Would you set down the lines running from the one that holds "by move=> a" to the final line of the listing, both included, exactly and with no others?

Records for processing
=== Section Start ===
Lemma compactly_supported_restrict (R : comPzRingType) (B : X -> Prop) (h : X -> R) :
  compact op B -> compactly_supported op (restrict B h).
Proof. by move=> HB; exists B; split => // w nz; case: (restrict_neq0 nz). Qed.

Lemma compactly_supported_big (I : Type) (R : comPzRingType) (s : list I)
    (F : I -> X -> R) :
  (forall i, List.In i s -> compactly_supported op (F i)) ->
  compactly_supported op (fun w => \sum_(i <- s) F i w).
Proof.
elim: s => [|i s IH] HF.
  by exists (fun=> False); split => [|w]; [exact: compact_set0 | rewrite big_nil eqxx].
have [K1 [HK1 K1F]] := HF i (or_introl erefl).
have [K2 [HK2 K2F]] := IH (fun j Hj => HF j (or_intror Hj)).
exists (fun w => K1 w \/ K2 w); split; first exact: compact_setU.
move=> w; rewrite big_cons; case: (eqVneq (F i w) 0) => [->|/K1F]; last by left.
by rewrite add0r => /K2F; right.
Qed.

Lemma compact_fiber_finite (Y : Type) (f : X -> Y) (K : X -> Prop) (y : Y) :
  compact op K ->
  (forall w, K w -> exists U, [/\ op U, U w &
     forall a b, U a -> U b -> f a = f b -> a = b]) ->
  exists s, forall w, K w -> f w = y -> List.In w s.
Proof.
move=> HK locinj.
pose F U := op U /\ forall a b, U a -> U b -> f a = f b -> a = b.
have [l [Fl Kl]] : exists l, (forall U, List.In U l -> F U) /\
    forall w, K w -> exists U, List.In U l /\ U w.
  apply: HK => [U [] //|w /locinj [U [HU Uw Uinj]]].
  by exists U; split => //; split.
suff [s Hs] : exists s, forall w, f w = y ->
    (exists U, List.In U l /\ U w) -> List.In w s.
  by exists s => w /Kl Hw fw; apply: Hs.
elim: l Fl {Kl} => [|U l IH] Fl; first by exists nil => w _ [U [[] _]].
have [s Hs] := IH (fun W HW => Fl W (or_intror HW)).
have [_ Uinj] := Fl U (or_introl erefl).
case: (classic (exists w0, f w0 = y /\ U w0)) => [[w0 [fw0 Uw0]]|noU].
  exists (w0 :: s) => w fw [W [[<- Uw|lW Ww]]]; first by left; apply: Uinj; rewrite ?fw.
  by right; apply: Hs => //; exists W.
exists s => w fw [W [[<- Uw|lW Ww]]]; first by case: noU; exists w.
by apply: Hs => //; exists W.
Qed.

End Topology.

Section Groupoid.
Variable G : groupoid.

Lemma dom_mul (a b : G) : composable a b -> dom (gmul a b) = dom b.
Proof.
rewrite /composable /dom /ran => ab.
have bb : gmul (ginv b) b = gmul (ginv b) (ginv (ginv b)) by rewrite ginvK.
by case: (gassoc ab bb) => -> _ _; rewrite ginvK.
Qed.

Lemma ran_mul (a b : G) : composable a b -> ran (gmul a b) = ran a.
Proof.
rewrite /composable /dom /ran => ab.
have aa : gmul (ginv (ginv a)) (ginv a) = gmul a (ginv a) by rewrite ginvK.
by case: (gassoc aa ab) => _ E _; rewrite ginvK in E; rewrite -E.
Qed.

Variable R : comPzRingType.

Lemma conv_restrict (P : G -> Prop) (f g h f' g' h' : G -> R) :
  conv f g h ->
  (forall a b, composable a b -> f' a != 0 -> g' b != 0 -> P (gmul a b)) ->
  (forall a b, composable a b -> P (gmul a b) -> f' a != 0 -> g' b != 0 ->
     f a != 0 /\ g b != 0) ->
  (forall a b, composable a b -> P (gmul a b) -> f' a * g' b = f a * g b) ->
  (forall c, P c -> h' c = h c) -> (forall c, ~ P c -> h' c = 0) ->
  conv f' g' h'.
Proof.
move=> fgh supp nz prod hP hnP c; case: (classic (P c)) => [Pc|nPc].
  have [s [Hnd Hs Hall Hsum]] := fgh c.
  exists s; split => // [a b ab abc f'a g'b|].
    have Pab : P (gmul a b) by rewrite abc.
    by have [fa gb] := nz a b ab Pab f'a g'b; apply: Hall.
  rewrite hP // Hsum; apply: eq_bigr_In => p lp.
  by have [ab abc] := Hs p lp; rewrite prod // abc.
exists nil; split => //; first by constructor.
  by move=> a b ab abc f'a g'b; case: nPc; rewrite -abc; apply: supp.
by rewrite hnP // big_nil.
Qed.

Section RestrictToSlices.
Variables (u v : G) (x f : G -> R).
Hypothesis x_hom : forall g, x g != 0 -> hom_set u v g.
=== Section End ===
Written answer
  by move=> a b ab abc f'a g'b; case: nPc; rewrite -abc; apply: supp.
by rewrite hnP // big_nil.
Qed.

Section RestrictToSlices.
Variables (u v : G) (x f : G -> R).
Hypothesis x_hom : forall g, x g != 0 -> hom_set u v g.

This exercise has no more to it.